The required output is the exact run of lines below that opens at the line with "(* Every node" and closes at the line with "Lemma map_fst_rev_walk w".

**Collected data**:
•••

(* For any legal abstract path $\tau$, $w(\tau)=1+O(\tau)+B(\tau)$. In particular, a legal abstract path has weight $1$ if and only if it consists of a single interior abstract edge.
   Context: $\mathbb F=\{0,1\}$, $\mathbb N=\{0,1,2,\dots\}$. Abstract vertex types: $o$ (interior), $u$ (unstable), $s$ (stable). An abstract edge is $\varepsilon=(\mu,(o_1,u_1,s_1),(o_2,u_2,s_2))\in\mathbb F\times\mathbb N^3\times\mathbb N^3$ such that if $\mu=0$ then $s_1=u_2=0$, and if $\mu=1$ then $o_1=o_2=0$ (interior if $\mu=0$, boundary if $\mu=1$). Weight: $w(\varepsilon)=1$ if $\mu=0$, $2-s_1-u_2$ if $\mu=1$. An abstract path $\tau=(T,\tau,\sigma)$: a non-empty finite directed tree $T=(V,E)$ (nodes; arrows, also called breaks), $\tau:V\to$ abstract edges, $\sigma:E\to\{o,u,s\}$, such that for every node $v$ and type $X\in\{o,u,s\}$, $X_1(v)\ge|\{e:t(e)=v,\sigma(e)=X\}|$ and $X_2(v)\ge|\{e:s(e)=v,\sigma(e)=X\}|$, with $X_i(v)$ the entries of $\tau(v)$. Ends: $X_1(\tau)=\sum_vX_1(v)-|\sigma^{-1}(X)|$, $X_2(\tau)=\sum_vX_2(v)-|\sigma^{-1}(X)|$. $\tau$ is legal if $s_1(\tau)=u_2(\tau)=0$. Weight $w(\tau)=\sum_vw(\tau(v))$. $O(\tau)=|\sigma^{-1}(o)|$ is the number of interior breaks and $B(\tau)$ the number of nodes $v$ with $\mu(v)=1$ (boundary edges). *)

From HB Require Import structures.
From mathcomp Require Import all_boot all_order all_algebra.
Set Implicit Arguments. Unset Strict Implicit. Unset Printing Implicit Defensive.
Import GRing.Theory Num.Theory.
Local Open Scope ring_scope.
Local Open Scope nat_scope.

(* Abstract vertex types o (interior), u (unstable), s (stable). *)
Inductive vtype := VO | VU | VS.

Definition vtype_eqb (a b : vtype) : bool :=
  match a, b with VO, VO | VU, VU | VS, VS => true | _, _ => false end.
Lemma vtype_eqP : Equality.axiom vtype_eqb.
Proof. by case; case; constructor. Qed.
HB.instance Definition _ := hasDecEq.Build vtype vtype_eqP.

(* An abstract edge (mu, (o1,u1,s1), (o2,u2,s2)); mu = false is mu = 0
   (interior edge), mu = true is mu = 1 (boundary edge). *)
Record aedge := AEdge {
  mu : bool;
  o1 : nat; u1 : nat; s1 : nat;
  o2 : nat; u2 : nat; s2 : nat }.

Definition aedge_valid (a : aedge) : Prop :=
  (mu a = false -> s1 a = 0%N /\ u2 a = 0%N) /\
  (mu a = true -> o1 a = 0%N /\ o2 a = 0%N).

Definition X1 (a : aedge) (X : vtype) : nat :=
  match X with VO => o1 a | VU => u1 a | VS => s1 a end.
Definition X2 (a : aedge) (X : vtype) : nat :=
  match X with VO => o2 a | VU => u2 a | VS => s2 a end.

Definition aweight (a : aedge) : int :=
  if mu a then (2%:Z - (s1 a)%:Z - (u2 a)%:Z)%R else (1%:Z)%R.

Section Graph.
Variables (V E : finType) (src tgt : E -> V).

Definition uadj : rel V := fun a b =>
  [exists e : E, ((src e == a) && (tgt e == b)) || ((src e == b) && (tgt e == a))].

Definition gconnected : Prop := forall x y : V, connect uadj x y.

(* traversal of an arrow, forwards (true) or backwards (false) *)
Definition tstart (p : E * bool) : V := if p.2 then src p.1 else tgt p.1.
Definition tend (p : E * bool) : V := if p.2 then tgt p.1 else src p.1.

Definition closed_trail (w : seq (E * bool)) : Prop :=
  [/\ w != [::], uniq (map fst w),
      (forall p0 i, (i.+1 < size w)%N ->
         tend (nth p0 w i) = tstart (nth p0 w i.+1)) &
      (forall p0, tend (last p0 w) = tstart (head p0 w))].

Definition gacyclic : Prop := forall w, ~ closed_trail w.

Definition dtree : Prop := [/\ (0 < #|V|)%N, gconnected & gacyclic].
End Graph.

Section AbstractPath.
Variables (V E : finType) (src tgt : E -> V) (tau : V -> aedge) (sigma : E -> vtype).

Definition in_count (v : V) (X : vtype) : nat :=
  #|[set e : E | (tgt e == v) && (sigma e == X)]|.
Definition out_count (v : V) (X : vtype) : nat :=
  #|[set e : E | (src e == v) && (sigma e == X)]|.

Definition abstract_path : Prop :=
  [/\ dtree src tgt,
      (forall v, aedge_valid (tau v)) &
      (forall v X, in_count v X <= X1 (tau v) X /\ out_count v X <= X2 (tau v) X)%N].

Definition nbreaks (X : vtype) : nat := #|[set e : E | sigma e == X]|.

Definition end1 (X : vtype) : nat := ((\sum_(v : V) X1 (tau v) X) - nbreaks X)%N.
Definition end2 (X : vtype) : nat := ((\sum_(v : V) X2 (tau v) X) - nbreaks X)%N.

Definition legal : Prop := end1 VS = 0%N /\ end2 VU = 0%N.

Definition pweight : int := \sum_(v : V) aweight (tau v).

Definition Obreaks : nat := nbreaks VO.
Definition Bnodes : nat := #|[set v : V | mu (tau v)]|.
End AbstractPath.

From mathcomp Require Import all_boot all_order all_algebra.
From mathcomp Require Import zify.
Import GRing.Theory Num.Theory.
Set Implicit Arguments. Unset Strict Implicit. Unset Printing Implicit Defensive.
Local Open Scope ring_scope.
Local Open Scope nat_scope.

(* Every node v contributes w(v) + s_1(v) + u_2(v) = 1 + mu(v) (interior edges
   have s_1 = u_2 = 0).  Legality says that every stable entry s_1 is used by a
   stable break and every unstable entry u_2 by an unstable break, so summing
   over the tree gives w(tau) + #S + #U = |V| + B(tau) = 1 + |E| + B(tau), and
   |E| = #O + #U + #S.  The only graph-theoretic input is |E| = |V| - 1, proved
   by matching every non-root node with the arrow to its parent in a
   breadth-first tree: this is injective, and an arrow outside the image would
   close a cycle through the two parent chains of its ends. *)

Section Walks.
Variables (V E : finType) (src tgt : E -> V).
Local Notation tstart := (tstart src tgt).
Local Notation tend := (tend src tgt).

Fixpoint walk (x y : V) (w : seq (E * bool)) : bool :=
  if w is q :: w' then (tstart q == x) && walk (tend q) y w' else x == y.

Definition flip (q : E * bool) : E * bool := (q.1, ~~ q.2).

Definition rev_walk (w : seq (E * bool)) := rev (map flip w).

Lemma walk_cat x y z w1 w2 : walk x y w1 -> walk y z w2 -> walk x z (w1 ++ w2).
Proof.
elim: w1 x => [|q w1 IH] x /=; first by move=> /eqP ->.
by move=> /andP [-> w1_yz] w2_yz; rewrite IH.
Qed.

Lemma walk_rev x y w : walk x y w -> walk y x (rev_walk w).
Proof.
rewrite /rev_walk; elim: w x => [|q w IH] x /=; first by move=> /eqP ->; rewrite eqxx.
move=> /andP [/eqP q_x w_xy]; rewrite rev_cons -cats1.
apply: walk_cat (IH _ w_xy) _; move: q_x.
by rewrite /= /tstart /tend /flip /=; case: q.2 => /= ->; rewrite !eqxx.
Qed.

Lemma map_fst_rev_walk w : map fst (rev_walk w) = rev (map fst w).
Proof. by rewrite /rev_walk map_rev -map_comp. Qed.

Lemma walk_nth x y w p0 i : walk x y w -> i.+1 < size w ->
  tend (nth p0 w i) = tstart (nth p0 w i.+1).
Proof.
elim: w x i => [|q w IH] x [|i] //= /andP [_ w_qy]; last exact: IH w_qy.
by case: w w_qy {IH} => [|q' w'] //= /andP [/eqP ->].
Qed.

•••

**WRITTEN RESPONSE**:
(* Every node v contributes w(v) + s_1(v) + u_2(v) = 1 + mu(v) (interior edges
   have s_1 = u_2 = 0).  Legality says that every stable entry s_1 is used by a
   stable break and every unstable entry u_2 by an unstable break, so summing
   over the tree gives w(tau) + #S + #U = |V| + B(tau) = 1 + |E| + B(tau), and
   |E| = #O + #U + #S.  The only graph-theoretic input is |E| = |V| - 1, proved
   by matching every non-root node with the arrow to its parent in a
   breadth-first tree: this is injective, and an arrow outside the image would
   close a cycle through the two parent chains of its ends. *)

Section Walks.
Variables (V E : finType) (src tgt : E -> V).
Local Notation tstart := (tstart src tgt).
Local Notation tend := (tend src tgt).

Fixpoint walk (x y : V) (w : seq (E * bool)) : bool :=
  if w is q :: w' then (tstart q == x) && walk (tend q) y w' else x == y.

Definition flip (q : E * bool) : E * bool := (q.1, ~~ q.2).

Definition rev_walk (w : seq (E * bool)) := rev (map flip w).

Lemma walk_cat x y z w1 w2 : walk x y w1 -> walk y z w2 -> walk x z (w1 ++ w2).
Proof.
elim: w1 x => [|q w1 IH] x /=; first by move=> /eqP ->.
by move=> /andP [-> w1_yz] w2_yz; rewrite IH.
Qed.

Lemma walk_rev x y w : walk x y w -> walk y x (rev_walk w).
Proof.
rewrite /rev_walk; elim: w x => [|q w IH] x /=; first by move=> /eqP ->; rewrite eqxx.
move=> /andP [/eqP q_x w_xy]; rewrite rev_cons -cats1.
apply: walk_cat (IH _ w_xy) _; move: q_x.
by rewrite /= /tstart /tend /flip /=; case: q.2 => /= ->; rewrite !eqxx.
Qed.

Lemma map_fst_rev_walk w : map fst (rev_walk w) = rev (map fst w).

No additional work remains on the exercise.